▶ **EXERCISE BRIEF**: Using the data below, return the stretch from the line that contains "Lemma Mmx_symplectic : symplectic (Mmx A)." through the line that contains "by rewrite mulr1 /root4 !sqrtr1.", both included, exactly as it stands and nothing beyond it.
+++ SOURCE MATERIAL +++
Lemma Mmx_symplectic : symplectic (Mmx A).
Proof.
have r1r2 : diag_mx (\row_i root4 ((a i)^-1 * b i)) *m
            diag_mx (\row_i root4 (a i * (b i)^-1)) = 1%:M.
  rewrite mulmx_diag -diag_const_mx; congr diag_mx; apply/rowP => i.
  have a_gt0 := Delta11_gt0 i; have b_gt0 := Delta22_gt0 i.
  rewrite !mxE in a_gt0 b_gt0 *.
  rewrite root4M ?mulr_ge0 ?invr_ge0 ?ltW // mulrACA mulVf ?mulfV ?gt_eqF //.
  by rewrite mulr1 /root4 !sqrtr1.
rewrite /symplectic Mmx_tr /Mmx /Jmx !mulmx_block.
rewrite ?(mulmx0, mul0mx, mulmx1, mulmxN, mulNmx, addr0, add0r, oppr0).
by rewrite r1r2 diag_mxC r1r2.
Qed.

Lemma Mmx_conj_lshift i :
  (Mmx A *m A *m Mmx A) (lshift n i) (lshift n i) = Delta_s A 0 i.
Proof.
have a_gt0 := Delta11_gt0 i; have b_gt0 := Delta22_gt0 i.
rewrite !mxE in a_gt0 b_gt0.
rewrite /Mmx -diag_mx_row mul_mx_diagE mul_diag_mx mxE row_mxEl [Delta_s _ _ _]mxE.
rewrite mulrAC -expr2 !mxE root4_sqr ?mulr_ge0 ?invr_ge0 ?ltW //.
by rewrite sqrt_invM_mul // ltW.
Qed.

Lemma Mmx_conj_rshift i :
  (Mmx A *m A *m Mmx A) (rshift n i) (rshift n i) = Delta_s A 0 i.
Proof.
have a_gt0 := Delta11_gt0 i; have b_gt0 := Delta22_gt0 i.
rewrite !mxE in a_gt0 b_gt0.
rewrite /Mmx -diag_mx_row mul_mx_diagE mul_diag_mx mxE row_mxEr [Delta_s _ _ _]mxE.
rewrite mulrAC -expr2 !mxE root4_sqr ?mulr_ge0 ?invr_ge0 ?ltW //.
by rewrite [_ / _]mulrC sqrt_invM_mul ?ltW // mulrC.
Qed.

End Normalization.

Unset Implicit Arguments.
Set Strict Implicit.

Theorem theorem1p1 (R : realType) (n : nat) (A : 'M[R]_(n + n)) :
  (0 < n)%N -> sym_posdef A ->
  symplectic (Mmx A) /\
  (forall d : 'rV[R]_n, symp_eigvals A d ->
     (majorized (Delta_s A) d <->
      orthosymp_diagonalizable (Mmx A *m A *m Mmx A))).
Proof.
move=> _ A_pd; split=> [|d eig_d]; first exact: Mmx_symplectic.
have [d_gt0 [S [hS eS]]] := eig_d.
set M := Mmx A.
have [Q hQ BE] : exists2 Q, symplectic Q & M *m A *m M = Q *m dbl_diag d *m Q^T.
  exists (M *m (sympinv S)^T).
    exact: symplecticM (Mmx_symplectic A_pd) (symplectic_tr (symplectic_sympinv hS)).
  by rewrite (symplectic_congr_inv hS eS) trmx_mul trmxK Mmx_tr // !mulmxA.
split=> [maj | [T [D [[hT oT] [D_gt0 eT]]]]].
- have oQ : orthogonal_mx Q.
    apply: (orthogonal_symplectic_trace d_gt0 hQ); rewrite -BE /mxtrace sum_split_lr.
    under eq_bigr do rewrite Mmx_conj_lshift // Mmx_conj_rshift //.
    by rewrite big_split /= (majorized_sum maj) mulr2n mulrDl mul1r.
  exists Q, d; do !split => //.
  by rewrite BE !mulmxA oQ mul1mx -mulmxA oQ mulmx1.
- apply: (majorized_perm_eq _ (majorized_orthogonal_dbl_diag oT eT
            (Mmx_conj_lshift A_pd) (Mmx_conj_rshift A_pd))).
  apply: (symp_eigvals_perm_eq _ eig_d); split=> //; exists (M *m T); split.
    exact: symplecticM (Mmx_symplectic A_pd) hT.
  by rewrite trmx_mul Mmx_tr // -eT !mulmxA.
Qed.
+++
+++ SOURCE MATERIAL +++
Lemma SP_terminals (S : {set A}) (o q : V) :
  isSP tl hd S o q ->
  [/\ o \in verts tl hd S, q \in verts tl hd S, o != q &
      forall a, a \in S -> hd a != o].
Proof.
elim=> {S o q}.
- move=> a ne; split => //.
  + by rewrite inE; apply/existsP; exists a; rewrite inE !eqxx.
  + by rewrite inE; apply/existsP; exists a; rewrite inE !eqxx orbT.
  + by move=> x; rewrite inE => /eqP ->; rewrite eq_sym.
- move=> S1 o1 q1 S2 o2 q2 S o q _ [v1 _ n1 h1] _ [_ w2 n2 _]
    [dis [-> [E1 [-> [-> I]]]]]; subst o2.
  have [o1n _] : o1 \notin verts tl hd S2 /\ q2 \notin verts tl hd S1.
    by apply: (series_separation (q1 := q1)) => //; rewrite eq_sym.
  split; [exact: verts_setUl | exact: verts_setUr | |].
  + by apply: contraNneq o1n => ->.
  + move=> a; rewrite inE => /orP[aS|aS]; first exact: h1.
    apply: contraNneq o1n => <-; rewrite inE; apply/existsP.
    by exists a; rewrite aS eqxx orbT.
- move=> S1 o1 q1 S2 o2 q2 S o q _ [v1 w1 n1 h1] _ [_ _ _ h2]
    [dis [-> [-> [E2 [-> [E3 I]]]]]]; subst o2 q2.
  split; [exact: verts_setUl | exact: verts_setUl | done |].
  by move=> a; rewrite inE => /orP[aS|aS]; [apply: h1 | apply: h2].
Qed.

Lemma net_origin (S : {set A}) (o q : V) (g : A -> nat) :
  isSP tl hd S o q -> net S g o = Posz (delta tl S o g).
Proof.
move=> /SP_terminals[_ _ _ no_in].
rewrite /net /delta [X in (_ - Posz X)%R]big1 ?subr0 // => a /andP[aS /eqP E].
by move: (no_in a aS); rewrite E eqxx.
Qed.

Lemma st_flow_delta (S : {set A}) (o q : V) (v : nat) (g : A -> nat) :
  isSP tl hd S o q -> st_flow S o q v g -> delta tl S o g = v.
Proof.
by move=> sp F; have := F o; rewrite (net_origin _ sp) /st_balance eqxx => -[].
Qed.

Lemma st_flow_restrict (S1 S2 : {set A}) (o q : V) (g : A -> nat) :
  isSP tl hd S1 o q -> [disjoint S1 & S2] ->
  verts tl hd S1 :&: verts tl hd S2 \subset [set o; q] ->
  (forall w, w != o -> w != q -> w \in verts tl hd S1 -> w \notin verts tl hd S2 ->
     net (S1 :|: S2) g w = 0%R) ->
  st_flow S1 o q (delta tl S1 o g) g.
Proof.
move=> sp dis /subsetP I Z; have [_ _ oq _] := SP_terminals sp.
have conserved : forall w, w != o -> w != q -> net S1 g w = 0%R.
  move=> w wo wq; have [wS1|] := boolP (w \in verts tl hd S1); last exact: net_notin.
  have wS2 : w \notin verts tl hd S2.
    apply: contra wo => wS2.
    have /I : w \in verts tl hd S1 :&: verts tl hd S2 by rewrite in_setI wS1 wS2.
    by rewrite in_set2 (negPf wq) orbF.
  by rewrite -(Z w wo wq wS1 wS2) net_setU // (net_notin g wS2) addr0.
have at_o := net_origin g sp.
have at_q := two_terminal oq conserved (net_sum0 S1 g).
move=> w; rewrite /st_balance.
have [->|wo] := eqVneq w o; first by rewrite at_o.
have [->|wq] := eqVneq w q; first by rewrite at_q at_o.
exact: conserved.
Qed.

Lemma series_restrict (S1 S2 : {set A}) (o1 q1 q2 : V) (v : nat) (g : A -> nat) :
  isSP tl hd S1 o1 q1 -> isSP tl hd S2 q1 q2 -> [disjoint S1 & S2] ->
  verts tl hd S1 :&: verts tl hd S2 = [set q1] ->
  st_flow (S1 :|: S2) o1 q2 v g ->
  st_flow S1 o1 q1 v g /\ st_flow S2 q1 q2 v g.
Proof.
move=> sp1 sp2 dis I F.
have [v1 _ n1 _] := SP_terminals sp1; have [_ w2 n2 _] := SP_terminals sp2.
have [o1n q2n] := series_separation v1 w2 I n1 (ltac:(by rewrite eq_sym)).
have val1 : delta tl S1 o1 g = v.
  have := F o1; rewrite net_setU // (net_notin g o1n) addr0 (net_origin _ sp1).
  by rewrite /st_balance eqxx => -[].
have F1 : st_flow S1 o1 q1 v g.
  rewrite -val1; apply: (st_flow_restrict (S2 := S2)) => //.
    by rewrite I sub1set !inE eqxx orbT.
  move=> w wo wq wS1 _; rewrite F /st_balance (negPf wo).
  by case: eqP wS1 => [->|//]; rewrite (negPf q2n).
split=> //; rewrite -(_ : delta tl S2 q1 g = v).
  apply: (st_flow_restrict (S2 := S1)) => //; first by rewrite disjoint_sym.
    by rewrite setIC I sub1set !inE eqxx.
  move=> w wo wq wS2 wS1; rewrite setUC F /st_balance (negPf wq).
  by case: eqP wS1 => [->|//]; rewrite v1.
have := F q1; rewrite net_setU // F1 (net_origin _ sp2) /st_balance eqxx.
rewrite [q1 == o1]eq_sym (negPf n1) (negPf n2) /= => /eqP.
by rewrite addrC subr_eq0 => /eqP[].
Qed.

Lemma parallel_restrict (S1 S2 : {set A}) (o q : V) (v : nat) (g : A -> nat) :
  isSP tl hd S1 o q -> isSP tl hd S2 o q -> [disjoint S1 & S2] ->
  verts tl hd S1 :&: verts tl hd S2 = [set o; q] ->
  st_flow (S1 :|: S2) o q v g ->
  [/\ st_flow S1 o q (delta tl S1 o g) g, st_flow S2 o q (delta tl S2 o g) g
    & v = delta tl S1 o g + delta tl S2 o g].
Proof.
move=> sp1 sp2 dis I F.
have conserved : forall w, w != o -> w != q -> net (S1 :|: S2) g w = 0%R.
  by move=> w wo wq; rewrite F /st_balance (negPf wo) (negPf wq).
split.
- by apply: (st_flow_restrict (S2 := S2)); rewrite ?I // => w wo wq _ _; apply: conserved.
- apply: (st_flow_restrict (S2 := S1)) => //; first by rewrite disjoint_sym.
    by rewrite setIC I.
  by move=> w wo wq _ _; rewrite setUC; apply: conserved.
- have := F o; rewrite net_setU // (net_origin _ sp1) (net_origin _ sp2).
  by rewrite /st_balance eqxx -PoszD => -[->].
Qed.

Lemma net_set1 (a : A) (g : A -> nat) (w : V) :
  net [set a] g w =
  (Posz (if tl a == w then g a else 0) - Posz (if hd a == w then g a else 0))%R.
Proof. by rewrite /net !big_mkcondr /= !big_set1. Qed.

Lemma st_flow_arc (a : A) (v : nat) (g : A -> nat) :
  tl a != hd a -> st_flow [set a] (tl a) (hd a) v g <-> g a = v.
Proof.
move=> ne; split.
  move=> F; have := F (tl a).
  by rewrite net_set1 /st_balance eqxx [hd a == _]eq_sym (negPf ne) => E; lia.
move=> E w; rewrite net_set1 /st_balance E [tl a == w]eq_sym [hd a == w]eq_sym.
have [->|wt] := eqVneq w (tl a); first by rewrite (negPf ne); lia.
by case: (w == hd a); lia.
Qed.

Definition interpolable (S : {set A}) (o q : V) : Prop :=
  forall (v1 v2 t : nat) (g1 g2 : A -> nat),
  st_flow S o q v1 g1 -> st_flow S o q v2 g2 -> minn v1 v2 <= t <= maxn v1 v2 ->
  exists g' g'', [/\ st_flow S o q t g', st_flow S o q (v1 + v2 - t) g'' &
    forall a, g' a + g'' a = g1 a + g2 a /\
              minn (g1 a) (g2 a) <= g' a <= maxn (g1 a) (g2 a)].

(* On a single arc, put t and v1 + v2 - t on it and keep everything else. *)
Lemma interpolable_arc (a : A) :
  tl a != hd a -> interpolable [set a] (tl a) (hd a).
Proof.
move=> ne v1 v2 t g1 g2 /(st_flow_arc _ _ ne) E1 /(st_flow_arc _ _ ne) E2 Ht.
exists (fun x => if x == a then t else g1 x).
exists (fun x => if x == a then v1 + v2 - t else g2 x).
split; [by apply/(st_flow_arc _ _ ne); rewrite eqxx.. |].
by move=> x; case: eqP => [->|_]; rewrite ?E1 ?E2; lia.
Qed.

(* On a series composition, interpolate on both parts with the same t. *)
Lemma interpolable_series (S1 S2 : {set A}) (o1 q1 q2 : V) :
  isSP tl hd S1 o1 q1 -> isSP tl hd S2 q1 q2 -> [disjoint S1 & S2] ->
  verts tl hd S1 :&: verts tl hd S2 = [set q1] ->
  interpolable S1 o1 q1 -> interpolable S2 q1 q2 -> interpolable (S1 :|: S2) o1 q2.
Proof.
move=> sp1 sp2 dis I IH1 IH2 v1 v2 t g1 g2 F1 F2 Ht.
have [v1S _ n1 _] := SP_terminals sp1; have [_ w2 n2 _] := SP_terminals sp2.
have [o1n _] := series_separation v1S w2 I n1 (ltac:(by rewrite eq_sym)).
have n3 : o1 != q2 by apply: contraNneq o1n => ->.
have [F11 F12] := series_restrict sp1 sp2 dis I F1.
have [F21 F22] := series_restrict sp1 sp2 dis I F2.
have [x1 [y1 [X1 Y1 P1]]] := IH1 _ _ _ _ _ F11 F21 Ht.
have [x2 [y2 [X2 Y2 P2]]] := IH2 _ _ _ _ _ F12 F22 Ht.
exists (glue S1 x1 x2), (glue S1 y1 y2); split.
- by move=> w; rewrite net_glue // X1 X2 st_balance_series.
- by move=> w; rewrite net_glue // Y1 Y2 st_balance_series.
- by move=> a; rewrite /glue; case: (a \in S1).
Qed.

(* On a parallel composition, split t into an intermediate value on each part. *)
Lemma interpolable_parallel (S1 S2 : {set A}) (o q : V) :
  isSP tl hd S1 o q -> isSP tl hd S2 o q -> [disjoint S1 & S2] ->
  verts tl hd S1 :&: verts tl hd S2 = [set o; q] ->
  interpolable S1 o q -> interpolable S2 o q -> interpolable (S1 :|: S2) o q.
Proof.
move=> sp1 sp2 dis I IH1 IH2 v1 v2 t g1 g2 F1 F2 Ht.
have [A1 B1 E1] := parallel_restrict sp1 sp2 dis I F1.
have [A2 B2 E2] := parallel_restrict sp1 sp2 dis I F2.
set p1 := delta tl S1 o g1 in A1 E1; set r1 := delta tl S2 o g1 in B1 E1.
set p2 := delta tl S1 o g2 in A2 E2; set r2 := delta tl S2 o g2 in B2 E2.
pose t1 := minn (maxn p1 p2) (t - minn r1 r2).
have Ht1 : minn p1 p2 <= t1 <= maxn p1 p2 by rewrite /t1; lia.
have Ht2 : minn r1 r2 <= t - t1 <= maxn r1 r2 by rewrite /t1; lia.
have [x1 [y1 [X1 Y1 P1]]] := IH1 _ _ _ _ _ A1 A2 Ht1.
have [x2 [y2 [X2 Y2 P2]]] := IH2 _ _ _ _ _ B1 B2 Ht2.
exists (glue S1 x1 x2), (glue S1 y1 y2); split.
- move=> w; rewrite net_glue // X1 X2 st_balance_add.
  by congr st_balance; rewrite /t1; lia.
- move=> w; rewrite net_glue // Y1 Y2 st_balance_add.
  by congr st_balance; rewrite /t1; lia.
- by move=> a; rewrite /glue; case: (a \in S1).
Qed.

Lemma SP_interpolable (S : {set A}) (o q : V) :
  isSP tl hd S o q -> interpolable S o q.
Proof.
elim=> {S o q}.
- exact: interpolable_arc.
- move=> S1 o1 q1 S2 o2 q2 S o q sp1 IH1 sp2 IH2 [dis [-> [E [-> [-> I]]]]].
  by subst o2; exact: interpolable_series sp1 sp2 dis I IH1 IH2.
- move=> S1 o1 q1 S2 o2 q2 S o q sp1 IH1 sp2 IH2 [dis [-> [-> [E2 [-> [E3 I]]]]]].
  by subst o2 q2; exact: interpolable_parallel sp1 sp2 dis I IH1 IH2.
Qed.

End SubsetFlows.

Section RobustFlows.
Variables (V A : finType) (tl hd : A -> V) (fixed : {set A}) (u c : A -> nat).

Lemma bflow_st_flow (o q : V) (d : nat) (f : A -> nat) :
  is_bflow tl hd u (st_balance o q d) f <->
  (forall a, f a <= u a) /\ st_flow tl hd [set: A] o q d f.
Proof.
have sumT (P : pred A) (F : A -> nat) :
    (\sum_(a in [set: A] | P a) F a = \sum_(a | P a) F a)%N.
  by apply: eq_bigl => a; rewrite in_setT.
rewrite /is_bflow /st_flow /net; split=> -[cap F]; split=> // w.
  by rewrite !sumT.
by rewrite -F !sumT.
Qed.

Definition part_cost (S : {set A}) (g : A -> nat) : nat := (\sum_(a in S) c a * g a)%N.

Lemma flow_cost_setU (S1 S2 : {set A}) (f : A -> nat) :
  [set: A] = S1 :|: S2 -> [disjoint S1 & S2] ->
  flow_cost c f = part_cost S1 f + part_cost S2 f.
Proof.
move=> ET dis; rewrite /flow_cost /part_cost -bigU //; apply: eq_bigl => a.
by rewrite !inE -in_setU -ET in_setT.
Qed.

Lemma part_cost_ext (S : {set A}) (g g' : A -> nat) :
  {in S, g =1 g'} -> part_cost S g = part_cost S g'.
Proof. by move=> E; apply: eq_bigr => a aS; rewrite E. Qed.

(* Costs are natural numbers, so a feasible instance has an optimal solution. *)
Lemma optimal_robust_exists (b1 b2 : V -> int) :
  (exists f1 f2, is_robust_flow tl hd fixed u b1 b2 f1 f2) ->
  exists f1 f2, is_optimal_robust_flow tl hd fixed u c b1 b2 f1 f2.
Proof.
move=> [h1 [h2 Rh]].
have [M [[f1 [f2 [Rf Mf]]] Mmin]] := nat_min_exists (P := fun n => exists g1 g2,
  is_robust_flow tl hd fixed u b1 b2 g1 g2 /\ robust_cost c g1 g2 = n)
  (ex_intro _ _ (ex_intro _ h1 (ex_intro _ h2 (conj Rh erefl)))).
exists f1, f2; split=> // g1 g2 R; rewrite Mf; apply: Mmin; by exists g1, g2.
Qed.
+++
▶ **WRITTEN SOLUTION**:
Lemma Mmx_symplectic : symplectic (Mmx A).
Proof.
have r1r2 : diag_mx (\row_i root4 ((a i)^-1 * b i)) *m
            diag_mx (\row_i root4 (a i * (b i)^-1)) = 1%:M.
  rewrite mulmx_diag -diag_const_mx; congr diag_mx; apply/rowP => i.
  have a_gt0 := Delta11_gt0 i; have b_gt0 := Delta22_gt0 i.
  rewrite !mxE in a_gt0 b_gt0 *.
  rewrite root4M ?mulr_ge0 ?invr_ge0 ?ltW // mulrACA mulVf ?mulfV ?gt_eqF //.
  by rewrite mulr1 /root4 !sqrtr1.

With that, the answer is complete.